The 1-d manifold embedding of high-dimensional data and its application in data classification and image inpainting


Recently, the image-patch ordering method has been introduced in image processing. The method sorts patches of an image into a sequence so that on which we may apply 1-d signal processing technique. However, the sorting method above does not count the metric between the sorted data: All points on the sequence are uniformly arranged.
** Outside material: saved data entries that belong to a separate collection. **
Let measurable_preimage_rat_box q : measurable (f @^-1` rat_box q).
Proof.
have -> : f @^-1` rat_box q = \bigcap_(j in [set: 'I_n])
    (setT `&` (fun t => f t ord0 j) @^-1`
       `](ratr (q.1 j) - q.2.+1%:R^-1), (ratr (q.1 j) + q.2.+1%:R^-1)[).
  apply/seteqP; split => t /= ft j.
    by move=> _; split => //; rewrite /= in_itv /= -ltr_distlC distrC ft.
  by have [_] := ft j I; rewrite /= in_itv /= -ltr_distlC distrC.
apply: fin_bigcap_measurable; first exact: finite_finset.
by move=> j _; exact: mf.
Qed.

Let measurable_preimage_open (U : set 'rV[R]_n) : open U -> measurable (f @^-1` U).
Proof.
move=> oU.
have -> : f @^-1` U = \bigcup_q
   (if pselect (rat_box q `<=` U) is left _ then f @^-1` rat_box q else set0).
  apply/seteqP; split => [t Ut|t [q _]]; last by case: pselect => // qU /qU.
  have /nbhs_ballP [e e_gt0 eU] := oU _ Ut.
  have e2_gt0 : 0 < e / 2 by rewrite divr_gt0.
  have [N _ /(_ N (leqnn N)) /= N_lt] := near_infty_natSinv_lt (PosNum e2_gt0).
  set r := (N.+1%:R : R)^-1 in N_lt.
  have r_gt0 : 0 < r by rewrite invr_gt0 ltr0n.
  have /choice [g g_near] : forall j, exists qj : rat, `|f t ord0 j - ratr qj| < r.
    move=> j; have lt_ftj : f t ord0 j - r < f t ord0 j + r.
      by rewrite ltrBlDr -addrA ltrDl addr_gt0.
    by have [qj] := rat_in_itvoo lt_ftj; rewrite in_itv /= -ltr_distlC; exists qj.
  exists ([ffun j => g j], N) => //.
  case: pselect => /= [_|]; last first.
    apply => p /= p_near; apply: eU; rewrite -ball_normE /=.
    change (mx_norm (f t - p) < e); rewrite mx_normrE.
    apply: bigmax_lt => // -[i j] _ /=; rewrite !mxE (ord1 i).
    have := p_near j; rewrite ffunE => p_nearj.
    apply: le_lt_trans (ler_distD (ratr (g j)) _ _) _.
    rewrite (splitr e); apply: ltrD; first exact: lt_trans (g_near j) N_lt.
    by rewrite distrC; exact: lt_trans p_nearj N_lt.
  by move=> j; rewrite ffunE; exact: g_near.
apply: countable_bigcupT_measurable; first exact: countableP.
by move=> q; case: pselect => _ //; exact: measurable_preimage_rat_box.
Qed.

Lemma measurable_continuous_comp (h : 'rV[R]_n -> R) :
  continuous h -> measurable_fun setT (h \o f).
Proof.
move=> /continuousP ch.
apply: (measurability _ (RGenOpens.measurableE R)).
move=> _ [_ [a [b ->] <-]]; rewrite setTI comp_preimage.
by apply: measurable_preimage_open; apply: ch; exact: interval_open.
Qed.

End measurable_continuous_comp.

Lemma measurable_pushforward_pdf (R : realType) (d : measure_display)
    (T : measurableType d) s (Tinv : 'rV[R]_s -> 'rV[R]_s) (f : T -> 'rV[R]_s) :
  C1 Tinv -> (forall j, measurable_fun setT (fun t => f t ord0 j)) ->
  measurable_fun setT (pushforward_pdf Tinv \o f).
Proof.
move=> [dTinv cJ] mf.
have coordT j : continuous (fun p : 'rV[R]_s => Tinv p ord0 j).
  move=> p; apply: (@continuous_comp _ _ _ Tinv (fun M : 'rV[R]_s => M ord0 j)).
    exact: differentiable_continuous.
  exact: coord_continuous.
have coordJ i j : continuous (fun p : 'rV[R]_s => lin1_mx ('d Tinv p) i j).
  move=> p; apply: (@continuous_comp _ _ _ (fun x => lin1_mx ('d Tinv x))
                                           (fun M : 'M[R]_s => M i j)).
    exact: cJ.
  exact: coord_continuous.
rewrite /pushforward_pdf /std_normal_pdf; apply: measurable_funM.
  apply: measurable_funM => //; apply: measurableT_comp => //.
  apply: measurable_funM => //; apply: measurable_funN.
  apply: measurable_sum => j; apply: measurable_funX.
  exact: measurable_continuous_comp (coordT j).
apply: measurableT_comp; first exact: normr_measurable.
apply: measurable_sum => sg; apply: measurable_funM => //.
apply: measurable_prod => i _.
exact: measurable_continuous_comp (coordJ i (sg i)).
Qed.

Lemma measurable_patchNR (R : realType) d s Np (idx : 'I_Np -> 'I_s -> 'I_d)
    (Tinv : 'rV[R]_s -> 'rV[R]_s) :
  C1 Tinv -> measurable_fun [set: d.-tuple R] (patchNR idx Tinv \o @row_of_tuple R d).
Proof.
move=> C1Tinv; apply: measurable_funM => //.
apply: measurable_sum => i; apply: measurable_funN.
apply: measurableT_comp; first exact: measurable_ln.
have mpatch (j : 'I_s) : measurable_fun setT
    (fun t : d.-tuple R => Defs.patch (idx i) (row_of_tuple t) ord0 j).
  by rewrite /Defs.patch /row_of_tuple; under eq_fun do rewrite !mxE; exact: measurable_tnth.
exact: measurable_pushforward_pdf C1Tinv mpatch.
Qed.

Section gaussian_bounds.
Variable R : realType.

Lemma mx_norm_sqr_le_sumsq n (z : 'rV[R]_n) : `|z| ^+ 2 <= \sum_j z ord0 j ^+ 2.
Proof.
have [z0|] := eqVneq (mx_norm z) 0.
  rewrite [`|z|]z0 expr0n /=; apply: sumr_ge0 => j _; exact: sqr_ge0.
move=> /mx_norm_neq0 [[i j] /= zij]; rewrite [`|z|]zij (ord1 i) real_normK ?num_real //.
by rewrite (bigD1 j) //= lerDl sumr_ge0 // => k _; exact: sqr_ge0.
Qed.

Lemma lipschitz_coord_sqr_le m n (f : 'rV[R]_m -> 'rV[R]_n) L z j : 0 <= L ->
  (forall x y, `|f x - f y| <= L * `|x - y|) ->
  (f z - f 0) ord0 j ^+ 2 <= L ^+ 2 * \sum_k z ord0 k ^+ 2.
Proof.
move=> L_ge0 fL.
have fz_le : `|(f z - f 0) ord0 j| <= L * `|z|.
  apply: le_trans; first exact: mx_norm_entry_le.
  by apply: le_trans (fL _ _) _; rewrite subr0.
rewrite -real_normK ?num_real //; apply: le_trans (_ : (L * `|z|) ^+ 2 <= _).
  by apply: lerXn2r; rewrite ?nnegrE ?mulr_ge0.
by rewrite exprMn ler_wpM2l ?exprn_ge0 ?mx_norm_sqr_le_sumsq.
Qed.

Lemma ln_pushforward_pdf_le s (T Tinv : 'rV[R]_s -> 'rV[R]_s) L M y j :
  cancel Tinv T -> 0 < L -> (forall x y, `|T x - T y| <= L * `|x - y|) ->
  0 < `|jacobian_det Tinv y| <= M ->
  ln (pushforward_pdf Tinv y) <=
  ln ((2 * pi) `^ (- (s%:R / 2))) + ln M - (y ord0 j - T 0 ord0 j) ^+ 2 / (2 * L ^+ 2).
Proof.
move=> TinvK L_gt0 TL /andP[J_gt0 J_le].
rewrite /pushforward_pdf /std_normal_pdf.
set c := _ `^ _; set S := \sum_k _.
have c_gt0 : 0 < c by apply: powR_gt0; rewrite mulr_gt0 ?pi_gt0.
rewrite lnM ?posrE ?mulr_gt0 ?expR_gt0 // lnM ?posrE ?expR_gt0 // expRK.
have lnJ_le : ln `|jacobian_det Tinv y| <= ln M.
  by rewrite ler_ln ?posrE // (lt_le_trans J_gt0 J_le).
have coord_le : (y ord0 j - T 0 ord0 j) ^+ 2 <= L ^+ 2 * S.
  by have := lipschitz_coord_sqr_le (Tinv y) j (ltW L_gt0) TL; rewrite TinvK !mxE.
have L2_gt0 : 0 < L ^+ 2 by rewrite exprn_gt0.
have : (y ord0 j - T 0 ord0 j) ^+ 2 / (2 * L ^+ 2) <= S / 2.
  rewrite ler_pdivrMr ?mulr_gt0 //.
  by rewrite (_ : S / 2 * (2 * L ^+ 2) = L ^+ 2 * S) //; field.
lra.
Qed.

Lemma expR_sqr_normal_pdf (beta m x : R) : 0 < beta ->
  expR (- (beta * (x - m) ^+ 2)) =
  (normal_peak (Num.sqrt (2 * beta)^-1))^-1 * normal_pdf m (Num.sqrt (2 * beta)^-1) x.
Proof.
move=> beta_gt0; set sigma := Num.sqrt _.
have sigma_neq0 : sigma != 0 by rewrite gt_eqF // sqrtr_gt0 invr_gt0 mulr_gt0.
have peak_gt0 : 0 < normal_peak sigma by exact: normal_peak_gt0.
rewrite /normal_pdf (negbTE sigma_neq0) mulKf ?gt_eqF // /normal_fun.
rewrite /sigma sqr_sqrtr ?invr_ge0 ?mulr_ge0 ?ltW //.
by congr expR; field; rewrite gt_eqF.
Qed.

End gaussian_bounds.

Section iterated_integral.
Variable R : realType.
Local Open Scope ereal_scope.

(* No measurability is needed: the integral of a nonnegative function is the
   supremum of the integrals of the simple functions below it. *)
Lemma ge0_le_integral_nonmeasurable (d : measure_display) (T : measurableType d)
    (mu : {measure set T -> \bar R}) (f g : T -> \bar R) :
  (forall x, 0 <= f x) -> (forall x, f x <= g x) ->
  \int[mu]_x f x <= \int[mu]_x g x.
Proof.
move=> f_ge0 fg.
have g_ge0 x : 0 <= g x by exact: le_trans (f_ge0 x) (fg x).
rewrite !ge0_integralE //; apply: ereal_sup_le => _ [h hf <-].
by exists h => //= x; apply: le_trans (hf x) _; rewrite /patch /=; case: ifP.
Qed.

Lemma iter_lebesgue_integral_ge0 n (f : n.-tuple R -> \bar R) :
  (forall t, 0 <= f t) -> 0 <= iter_lebesgue_integral f.
Proof.
elim: n f => [|n IH] f f_ge0 /=; first exact: f_ge0.
by apply: integral_ge0 => x _; apply: IH.
Qed.

Lemma le_iter_lebesgue_integral n (f g : n.-tuple R -> \bar R) :
  (forall t, 0 <= f t) -> (forall t, f t <= g t) ->
  iter_lebesgue_integral f <= iter_lebesgue_integral g.
Proof.
elim: n f g => [|n IH] f g f_ge0 fg /=; first exact: fg.
apply: ge0_le_integral_nonmeasurable => x.
  by apply: iter_lebesgue_integral_ge0.
by apply: IH.
Qed.

Lemma iter_lebesgue_integral_normal_pdf n (m : 'I_n -> R) (sigma c : R) :
  (0 <= c)%R ->
  iter_lebesgue_integral
    (fun t : n.-tuple R => (c * \prod_(k < n) normal_pdf (m k) sigma (tnth t k))%:E)
  = c%:E.
Proof.
elim: n m c => [|n IH] m c c_ge0 /=; first by rewrite big_ord0 mulr1.
under eq_integral => x _.
  under eq_fun => t.
    rewrite big_ord_recl mulrA [tnth _ ord0](tnth_nth x) /=.
    under eq_bigr => k _ do rewrite tnthS.
    over.
  rewrite /= IH; last by rewrite mulr_ge0 // normal_pdf_ge0.
  rewrite EFinM.
  over.
rewrite /= ge0_integralZl_EFin //= ?integral_normal_pdf ?mule1 //.
  by move=> x _; rewrite lee_fin normal_pdf_ge0.
by apply/measurable_EFinP; exact: measurable_normal_pdf.
Qed.

Lemma iter_lebesgue_integral_normal_bound_lt_pinfty n
    (phi : 'rV[R]_n -> R) (c sigma : R) (m : 'I_n -> R) : (0 <= c)%R ->
  (forall x, `|phi x| <= c * \prod_k normal_pdf (m k) sigma (x ord0 k))%R ->
  iter_lebesgue_integral (fun t => (`|phi (row_of_tuple t)|)%:E) < +oo.
Proof.
move=> c_ge0 phi_le.
have := ltry c; rewrite -(iter_lebesgue_integral_normal_pdf m sigma c_ge0).
apply: le_lt_trans; apply: le_iter_lebesgue_integral => t; rewrite lee_fin //.
by apply: le_trans (phi_le _) _; under eq_bigr do rewrite mxE.
Qed.

End iterated_integral.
In this talk, we introduce a 1-d manifold embedding model for the data sorting. In the model, we consider the data set residing on a curve in a high dimensional space. Then we isometrically map the data set onto a straight line so that a metric is defined on the data. Since the metric more precisely describes the similarity of the sorted data, when we apply interpolation, filtering, and other operators on the data, we will obtain more accurate results. We have applied the new model in handwritten digits classification and image inpainting and obtained better results than other existent methods.


Prof. Jianzhong WANG
Department of Mathematics and Statistics
Sam Houston State University, Huntsville

Date & Time

21 May 2014 (Wednesday) 15:30 - 16:30


J319 (University of Macau)

Organized by

Department of Computer and Information Science


Prof. Jianzhong Wang received his Bachelor degree in Mathematics from Peking University, China, in 1967, Master Degree in Mathematics from Zhejiang University, China, in 1981 and PhD degree in Wuhan University, China, in 1984. Since 2003, he has been working at the Department of Mathematics and Statistics, Sam Houston State University as a Professor. Currently he is the Associate Chief-Editor of the International Journal of Applicable Analysis, USA. His research areas include: 1) Splines, wavelets, and their applications; 2) Mathematical methods in image science and 3) High-dimensional data processing and dimensionality reduction.